London's financial markets experienced a day of mixed fortunes on Thursday, with the FTSE 100 index managing a modest gain while the FTSE 250 declined, as investors globally digested the US Federal Reserve's latest monetary policy decision and a fresh outburst of criticism from former President Donald Trump.
Trump's Scathing Attack on Fed Chair Powell
In a post on his Truth Social platform, Donald Trump launched a vehement attack on Federal Reserve Chair Jerome Powell, labelling him a "moron" and criticising the central bank's decision to maintain interest rates. "Jerome 'Too Late' Powell again refused to cut interest rates, even though he has absolutely no reason to keep them so high," Trump wrote, demanding immediate and substantial rate reductions. This intervention came after the Fed's Wednesday vote, which saw a 10-2 decision to keep the benchmark lending rate unchanged.
London Market Performance
The FTSE 100 index closed up 17.33 points, or 0.2%, at 10,171.76, demonstrating resilience amid the transatlantic tensions. However, the FTSE 250 ended down 122.19 points, or 0.5%, at 23,268.44, and the AIM all-share index closed down 7.17 points, or 0.9%, at 824.92, indicating broader pressure on mid-cap and smaller companies.
Notable Movers on UK Indices
On the FTSE 250, Mecca bingo owner Rank Group, based in Maidenhead, Berkshire, saw its shares dip 1.0%. The company reported a pre-tax profit of £23.9 million for the six months to December 31, a 19% decrease year-on-year, though revenue rose 4.5% to £420.0 million. Rank declared an interim dividend per share of 1.00 pence, a 54% increase from 0.65p, and maintained its full-year expectations.
On AIM, Ashtead Technology fell 0.4%, influenced by weaker results from US peer United Rentals, which reported quarterly sales slightly below analyst estimates. Meanwhile, International Paper Co dropped 8.3% in London following its announcement to split into two separate companies for North America and EMEA regions, and reporting a substantial net loss for 2025 due to acquisition costs.
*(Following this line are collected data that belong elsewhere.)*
(* Let $\mathbb B$ be a separable Banach space and $\mu$ a finite nonnegative Borel measure on $\mathbb B$. Then there exist a separable Banach space $\hat{\mathbb B}$ and a linear isometric embedding $\iota\colon\mathbb B\hookrightarrow\hat{\mathbb B}$ such that $\hat{\mathbb B}$ has the $\iota_\#\mu$-metric approximation property.
   Context: For a separable Banach space $\mathbb E$ and a finite nonnegative Borel measure $\nu$ on $\mathbb E$, $\mathbb E$ has the $\nu$-metric approximation property if there exists a sequence of finite-rank linear 1-Lipschitz maps $p_n\colon\mathbb E\to\mathbb E$ such that $\lim_n\|p_n(x)-x\|_{\mathbb E}=0$ for $\nu$-a.e. $x\in\mathbb E$. *)

From HB Require Import structures.
From mathcomp Require Import all_boot all_order all_algebra.
From mathcomp Require Import all_classical all_reals all_analysis.
Set Implicit Arguments. Unset Strict Implicit. Unset Printing Implicit Defensive.
Import Order.TTheory GRing.Theory Num.Theory.
Import numFieldNormedType.Exports.
Local Open Scope classical_set_scope.
Local Open Scope ring_scope.

Definition borel (R : realType) (V : normedModType R) :=
  g_sigma_algebraType (@open V).

Definition separable (T : topologicalType) : Prop :=
  exists D : set T, countable D /\ dense D.

Definition finite_rank (R : realType) (E F : normedModType R) (p : E -> F) : Prop :=
  exists (k : nat) (v : 'I_k -> F),
    forall x, exists c : 'I_k -> R, p x = \sum_(i < k) c i *: v i.

Definition nu_MAP (R : realType) (E : normedModType R)
    (nu : set (borel E) -> \bar R) : Prop :=
  exists p : nat -> {linear E -> E},
    (forall n, finite_rank (p n)) /\
    (forall n (x y : E), `|p n x - p n y| <= `|x - y|) /\
    (exists N : set (borel E), negligible nu N /\
       forall x : E, ~ N x -> (fun n => `|p n x - x|) @ \oo --> (0 : R)).

(* A sequential Hahn-Banach argument gives, for a dense sequence (e_k) of B,
   functionals g_k of norm at most one with g_k(e_k) = |e_k|, so that
   x |-> (g_k x)_k is a linear isometry into bounded sequences.  The bounded
   sequences (g_k(e_j))_k can be discretised simultaneously: there are maps
   r_n : nat -> nat of finite range with r_n o r_m = r_n for n <= m along which
   |g_(r_n k)(e_j) - g_k(e_j)| < 1/(n+1) for j <= n.  The sequences f with
   f o r_n -> f uniformly form a separable Banach space containing the image
   of B, on which f |-> f o r_n are finite-rank contractions converging
   pointwise to the identity: the approximation property holds everywhere,
   whatever the measure. *)

From HB Require Import structures.
From mathcomp Require Import all_boot all_order all_algebra.
From mathcomp Require Import all_classical all_reals all_analysis.
From mathcomp.algebra_tactics Require Import ring lra.

Set Implicit Arguments. Unset Strict Implicit. Unset Printing Implicit Defensive.
Import Order.TTheory GRing.Theory Num.Theory.
Import numFieldNormedType.Exports.
Local Open Scope classical_set_scope.
Local Open Scope ring_scope.

Section InfRange.
Variable R : realType.

Lemma inf_range_le I (F : I -> R) b : (forall t, b <= F t) -> forall t, inf (range F) <= F t.
Proof. by move=> Fb t; apply: ge_inf; [exists b => _ [u _ <-] | exists t]. Qed.

Lemma le_inf_range I (F : I -> R) b (t0 : I) : (forall t, b <= F t) -> b <= inf (range F).
Proof. by move=> Fb; apply: lb_le_inf; [exists (F t0), t0 | move=> _ [u _ <-]]. Qed.

Lemma inf_range_adherent I (F : I -> R) b (t0 : I) eps : 0 < eps ->
  (forall t, b <= F t) -> exists t, F t < inf (range F) + eps.
Proof.
move=> e0 Fb; have [|_ [t _ <-]] := @inf_adherent _ (range F) _ e0; last by exists t.
by split; [exists (F t0), t0 | exists b => _ [u _ <-]].
Qed.

End InfRange.

Definition dense_seq (R : realType) (V : normedModType R) (e : nat -> V) :=
  forall z eps, 0 < eps -> exists k, `|z - e k| < eps.

Section SequentialHahnBanach.
Variables (R : realType) (V : normedModType R).

Definition sublinear (p : V -> R) :=
  (forall y z, p (y + z) <= p y + p z) /\ (forall a y, 0 < a -> p (a *: y) = a * p y).

Section SublinearTheory.
Variable p : V -> R.
Hypothesis p_sub : sublinear p.

Lemma sublinearD y z : p (y + z) <= p y + p z. Proof. by case: p_sub. Qed.

Lemma sublinearZ a y : 0 < a -> p (a *: y) = a * p y. Proof. by case: p_sub => _; apply. Qed.

Lemma sublinear0 : p 0 = 0.
Proof. by have := sublinearZ 0 (ltr0n _ 2); rewrite scaler0; lra. Qed.

Lemma sublinearN_ge y : 0 <= p y + p (- y).
Proof. by rewrite -sublinear0 -(subrr y); exact: sublinearD. Qed.

Lemma sublinearZ_ge t v : t * p v <= p (t *: v).
Proof.
have [t0|t0|->] := ltgtP t 0; last by rewrite scale0r sublinear0 mul0r.
- have := sublinearN_ge (t *: v); rewrite -scaleNr (@sublinearZ (- t)) ?oppr_gt0 //; lra.
- by rewrite sublinearZ.
Qed.

Lemma sublinearB u w : p u - p w <= p (u - w).
Proof. by have := sublinearD w (u - w); rewrite addrC subrK; lra. Qed.

End SublinearTheory.
Lemma F_iso P Q f : P \subset S -> Q \subset S -> f \in F P Q -> Fiso F P (f @: P) f.
Proof. by case: fsF => _ _ isoF sPS sQS; apply: isoF. Qed.

Lemma res_id_F P Q : P \subset Q -> Q \subset S -> res P id \in F P Q.
Proof.
move=> sPQ sQS; case: fsF => homF _ _.
case: (homF P Q (subset_trans sPQ sQS) sQS) => /subsetP sHomSF _; apply: sHomSF.
apply/imsetP; exists 1; first by rewrite inE group1 invg1 conjsg1.
by apply/ffunP=> x; rewrite !resE invg1 conjg1.
Qed.

Lemma F_widen P Q R f : P \subset S -> Q \subset R -> R \subset S ->
  f \in F P Q -> f \in F P R.
Proof.
move=> sPS sQR sRS fPQ; have sQS := subset_trans sQR sRS.
case/InjP: (F_Inj sPS sQS fPQ) => f1 _ _ /subsetP fPsQ.
suff <- : res P (fun x => res Q id (f x)) = f.
  exact: F_comp sPS sQS sRS fPQ (res_id_F sQR sRS).
apply/ffunP=> x; rewrite !resE.
by case: ifP => xP; [rewrite fPsQ ?imset_f | rewrite f1 ?xP].
Qed.

Lemma F_res P Q R f : P \subset Q -> Q \subset S -> R \subset S ->
  f \in F Q R -> res P f \in F P R.
Proof.
move=> sPQ sQS sRS fQR; have sPS := subset_trans sPQ sQS.
suff <- : res P (fun x => f (res P id x)) = res P f.
  exact: F_comp sPS sQS sRS (res_id_F sPQ sQS) fQR.
by apply/ffunP=> x; rewrite !resE; case: ifP => // ->.
Qed.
European and US Market Context
European equities showed divergence, with the CAC 40 in Paris closing up 0.1%, while the DAX 40 in Frankfurt ended down 2.1%. In the US, stocks were lower: the Dow Jones Industrial Average fell 0.3%, the S&P 500 dropped 1.0%, and the Nasdaq Composite declined 2.0%. Tech giant Microsoft plunged 12% despite better-than-expected quarterly results, due to weaknesses in its More Personal Computing division, whereas Meta Platforms surged 7.8% on strong advertising revenue and optimistic guidance.
Currency and Commodity Movements
The pound strengthened to 1.3797 US dollars at the London close, up from 1.3778 dollars on Wednesday. The euro also rose to 1.1950 dollars from 1.1935 dollars. Against the Japanese yen, the dollar weakened to 152.87 yen from 153.63 yen. In commodities, Brent crude oil increased to $69.40 a barrel from $68.01, while gold edged lower to $5,256.30 an ounce from $5,282.35.
Key Gainers and Losers on the FTSE 100
The biggest risers on the FTSE 100 included 3i Group, Anglo American, Metlen Energy & Metals, Diageo, and Rio Tinto. Conversely, the largest fallers were Ashtead Group, Sage, Autotrader, Relx, and Fresnillo, reflecting sector-specific pressures and broader market sentiment.
Looking Ahead: Economic and Corporate Calendar
Friday's economic calendar features GDP figures from France and Germany, with Germany also releasing CPI, unemployment, and trade data. The US will publish PPI data, and the UK is set to report mortgage approvals. On the corporate front, Airtel Africa is scheduled to release its third-quarter results, providing further insights into market dynamics.
This mixed trading session underscores the ongoing sensitivity of global markets to central bank policies and political commentary, with London's benchmarks navigating a complex landscape of corporate earnings, currency fluctuations, and international economic indicators.